That infuriating method of downplaying is most evident in the description of the Ku Klux Klan in HMH’s high school-level textbook The Americans: United States History Since 1877, in which the KKK is portrayed as having a broad range of political goals, among which violently racist political intimidation is only a lesser, incidental factor:
Chapter 4: The Union in Peril, 1850-1877 | p. 188
Most white Southerners swallowed whatever resentment they felt over African-American suffrage and participation in government. Some whites expressed their feelings by refusing to register to vote. Others were frustrated by their loss of political power and by the South’s economic stagnation. These were the people who formed vigilante groups and used violence to intimidate African Americans.
The most notorious and widespread of the Southern vigilante groups was the Ku Klux Klan (KKK). The Klan’s goals were to destroy the Republican Party, to throw out the Reconstruction governments, to aid the planter class, and to prevent African Americans from exercising their political rights. To achieve these goals, the Klan and other groups killed perhaps 20,000 men, women, and children. In addition to violence, some white Southerners refused to hire or do business with African Americans who voted Republican.
It’s not noted within that section that the “20,000 men, women, and children” killed by the Klan were of a fairly particular group.
When discussing the Klan’s resurgence in the 20th century, the book is even less focused on violence:
Chapter 12: Politics of the Roaring Twenties, 1919-1929 | p. 415
The Klan also believed in keeping blacks “in their place,” destroying saloons, opposing unions, and driving Roman Catholics, Jews, and foreign-born people out of the country. KKK members were paid to recruit new members into their world of secret rituals and racial violence.
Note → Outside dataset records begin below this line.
(* For every $n$, $\mu_n>0$, $\theta\in\mathbb R$ and $x\in\mathbb R$, $$F_{A,n,\theta}(x)=\mathbf 1(n^{1/2}\theta+x\ge0)\,\Phi\big(z^{(2)}_{n,\theta}(x)\big)+\mathbf 1(n^{1/2}\theta+x<0)\,\Phi\big(z^{(1)}_{n,\theta}(x)\big).$$ Consequently the distribution of $n^{1/2}(\hat\theta_A-\theta)$ is the sum of an atom of mass $\Phi(n^{1/2}(-\theta+\mu_n))-\Phi(n^{1/2}(-\theta-\mu_n))$ at the point $-n^{1/2}\theta$ and an absolutely continuous part with Lebesgue density $$\tfrac12\Big\{\mathbf 1(n^{1/2}\theta+x>0)\,\phi\big(z^{(2)}_{n,\theta}(x)\big)(1+t_{n,\theta}(x))+\mathbf 1(n^{1/2}\theta+x<0)\,\phi\big(z^{(1)}_{n,\theta}(x)\big)(1-t_{n,\theta}(x))\Big\},$$ where $t_{n,\theta}(x)=\tfrac12(n^{1/2}\theta+x)\big/\big(((n^{1/2}\theta+x)/2)^2+n\mu_n^2\big)^{1/2}$.
   Context: Gaussian location model: for each sample size $n$, $y_1,\dots,y_n$ are i.i.d. $N(\theta,1)$ with $\theta\in\mathbb R$ unknown; $\bar y$ is their mean. $P_{n,\theta}$ denotes the probability governing a sample of size $n$ when $\theta$ is the true parameter. Given a nonrandom tuning parameter $\mu_n>0$, the adaptive LASSO estimator is $\hat\theta_A=0$ if $|\bar y|\le\mu_n$ and $\hat\theta_A=\bar y-\mu_n^2/\bar y$ if $|\bar y|>\mu_n$. $F_{A,n,\theta}(x)=P_{n,\theta}(n^{1/2}(\hat\theta_A-\theta)\le x)$. $\Phi,\phi$ are the standard normal cdf and density. For $x\in\mathbb R$, $$z^{(1)}_{n,\theta}(x)=-\frac{n^{1/2}\theta-x}{2}-\sqrt{\Big(\frac{n^{1/2}\theta+x}{2}\Big)^2+n\mu_n^2},\qquad z^{(2)}_{n,\theta}(x)=-\frac{n^{1/2}\theta-x}{2}+\sqrt{\Big(\frac{n^{1/2}\theta+x}{2}\Big)^2+n\mu_n^2}.$$ *)

From Stdlib Require Import Reals Lra ClassicalEpsilon.
Open Scope R_scope.

Definition phi (u : R) : R := exp (- (u ^ 2) / 2) / sqrt (2 * PI).

Definition ImproperIntegralR (f : R -> R) (v : R) : Prop :=
  forall eps : R, 0 < eps -> exists M : R, forall a b : R, a <= - M -> M <= b ->
    exists pr : Riemann_integrable f a b, Rabs (RiemannInt pr - v) < eps.

Definition ImproperIntegralTo (f : R -> R) (x v : R) : Prop :=
  forall eps : R, 0 < eps -> exists M : R, forall a : R, a <= - M ->
    exists pr : Riemann_integrable f a x, Rabs (RiemannInt pr - v) < eps.

(* The value of the improper integrals (chosen by classical description;
   it is the integral whenever the integral exists). *)
Definition IntR (f : R -> R) : R :=
  epsilon (inhabits 0) (fun v => ImproperIntegralR f v).
Definition IntTo (f : R -> R) (x : R) : R :=
  epsilon (inhabits 0) (fun v => ImproperIntegralTo f x v).

Definition Phi (z : R) : R := IntTo phi z.

(* Adaptive LASSO estimator as a function of the sample mean ybar. *)
Definition thetaA (mu ybar : R) : R :=
  if Rle_dec (Rabs ybar) mu then 0 else ybar - mu ^ 2 / ybar.

(* Density of the sample mean of n i.i.d. N(theta,1) observations: N(theta,1/n). *)
Definition ybar_density (n : nat) (theta y : R) : R :=
  sqrt (INR n) * phi (sqrt (INR n) * (y - theta)).

(* F_{A,n,theta}(x) = P_{n,theta}( n^{1/2} (thetaA - theta) <= x ). *)
Definition F_A (n : nat) (mu theta x : R) : R :=
  IntR (fun y => (if Rle_dec (sqrt (INR n) * (thetaA mu y - theta)) x then 1 else 0)
                 * ybar_density n theta y).

Definition z1 (n : nat) (mu theta x : R) : R :=
  - (sqrt (INR n) * theta - x) / 2
  - sqrt (((sqrt (INR n) * theta + x) / 2) ^ 2 + INR n * mu ^ 2).

Definition z2 (n : nat) (mu theta x : R) : R :=
  - (sqrt (INR n) * theta - x) / 2
  + sqrt (((sqrt (INR n) * theta + x) / 2) ^ 2 + INR n * mu ^ 2).

Definition t_nt (n : nat) (mu theta x : R) : R :=
  ((sqrt (INR n) * theta + x) / 2)
  / sqrt (((sqrt (INR n) * theta + x) / 2) ^ 2 + INR n * mu ^ 2).


Definition ac_density (n : nat) (mu theta x : R) : R :=
  / 2 * ( (if Rlt_dec 0 (sqrt (INR n) * theta + x) then 1 else 0)
            * phi (z2 n mu theta x) * (1 + t_nt n mu theta x)
        + (if Rlt_dec (sqrt (INR n) * theta + x) 0 then 1 else 0)
            * phi (z1 n mu theta x) * (1 - t_nt n mu theta x)).

Definition atom_mass (n : nat) (mu theta : R) : R :=
  Phi (sqrt (INR n) * (- theta + mu)) - Phi (sqrt (INR n) * (- theta - mu)).

From Stdlib Require Import Reals Lra Lia Classical ClassicalEpsilon FunctionalExtensionality.
From Coquelicot Require Import Coquelicot.
Open Scope R_scope.
Set Bullet Behavior "Strict Subproofs".

(** Rescale by [k = sqrt n]: with [u = k ybar], [m = k mu] and [s = k theta + x], the event
    [k (thetaA mu ybar - theta) <= x] reads [thetaA m u <= s], since [thetaA] commutes with
    scaling.  The map [u |-> thetaA m u] is nondecreasing (0 on [[-m, m]], [u - m^2/u]
    outside), and on [|u| > m] one has [u (u - m^2/u - s) = u^2 - s u - m^2], so the event
    is [u <= U] with [U] the root of [u^2 - s u - m^2] having the sign of [s].  As
    [u - k theta] is standard normal, [F] is [Phi (U - k theta)], i.e. [Phi z2] or
    [Phi z1].  For the decomposition, [z1' = (1 - t)/2] and [z2' = (1 + t)/2], so the
    density integrates by substitution to [Phi z1] left of [c = -k theta] and to
    increments of [Phi z2] right of it; the jump at [c] is
    [Phi (z2 c) - Phi (z1 c) = Phi (k (mu - theta)) - Phi (k (-mu - theta))].
    Since [Phi] is itself defined as an improper integral, we first show that [phi] has a
    finite left tail, using [phi x <= exp (x + 1/2)]. *)

Lemma ImproperIntegralTo_unique f x v w :
  ImproperIntegralTo f x v -> ImproperIntegralTo f x w -> v = w.
Proof.
  intros Hv Hw. apply cond_eq. intros eps Heps.
  destruct (Hv (eps / 2)) as [M1 H1]; [lra|].
  destruct (Hw (eps / 2)) as [M2 H2]; [lra|].
  pose proof (Rle_abs M1); pose proof (Rle_abs M2).
  pose proof (Rabs_pos M1); pose proof (Rabs_pos M2).
  destruct (H1 (- (Rabs M1 + Rabs M2))) as [p1 Hp1]; [lra|].
  destruct (H2 (- (Rabs M1 + Rabs M2))) as [p2 Hp2]; [lra|].
  rewrite (RiemannInt_P5 p1 p2) in Hp1.
  replace (v - w) with ((RiemannInt p2 - w) - (RiemannInt p2 - v)) by ring.
  eapply Rle_lt_trans; [apply Rabs_triang|]. rewrite Rabs_Ropp. lra.
Qed.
“Destroying saloons, opposing unions.” If that rundown of the KKK feels strangely unfinished to you, read this slightly more descriptive account from 1935, written by W. E. B. Du Bois in Black Reconstruction in America.
Lawlessness and violence filled the land, and terror stalked abroad by day, and it bured and murdered by night. The Southern states had actually relapsed into barbarism...Armed guerrilla warfare killed thousands of Negroes; political riots were staged; their causes or occasions were always obscure, their results always certain: ten to one hundred times as many Negroes were killed as whites.
When discussing other reconstruction-era racial violence in the South, the textbook is similarly stingy with the details:
Chapter 8: Life at the Turn of the 20th Century, 1877-1917 | p. 288
African Americans and others who did not follow the racial etiquette could face severe punishment or death. All too often, blacks who were accused of violating the etiquette were lynched. Between 1882 and 1892, more than 1,400 African-American men and women were shot, burned, or hanged without trial in the South. Lynching peaked in the 1880s and 1890s but continued well into the 20th century.
In paragraphs like this, the textbook’s polite elisions and factual tip-toes become an overt disservice to the children who will read them, and a particular low even from a state whose 2012 Republican platform included a ban on critical thinking. To describe the conditions under which black Americans were lynched by whites due to their failure to “follow the racial etiquette” is nearly insane; additionally, “racial etiquette” is an extreme euphemism for a code of conduct imposed by a white society so overtly violent that it advertised lynchings in newspapers, showed up to see them in crowds totaling 15,000, and sent postcards afterwards to celebrate the fact. Lynchings weren’t mere punishments. They were, writes Robert Gibson, a “cruel combination of racism and sadism...used by whites to terrorize Blacks and maintain white supremacy.”
It is, however, absolutely worth noting that HMH’s social studies textbooks contain an abundance of well-written and essential information about the abolitionist movement. Nat Turner’s slave rebellion, the writings of Frederick Douglass, descriptions of the “daring” work done by Sojourner Truth, Harriet Tubman, and Ida B. Wells: all of those topics are covered, as are the efforts of civil rights leaders of the 20th century. But there’s an uneasy feeling that the significance of their achievements will be diminished to schoolchildren when not prefaced with an accurate portrayal of what they were fighting. It’s hard to fully appreciate the results of progress without first being given blisteringly truthful depictions of its origins.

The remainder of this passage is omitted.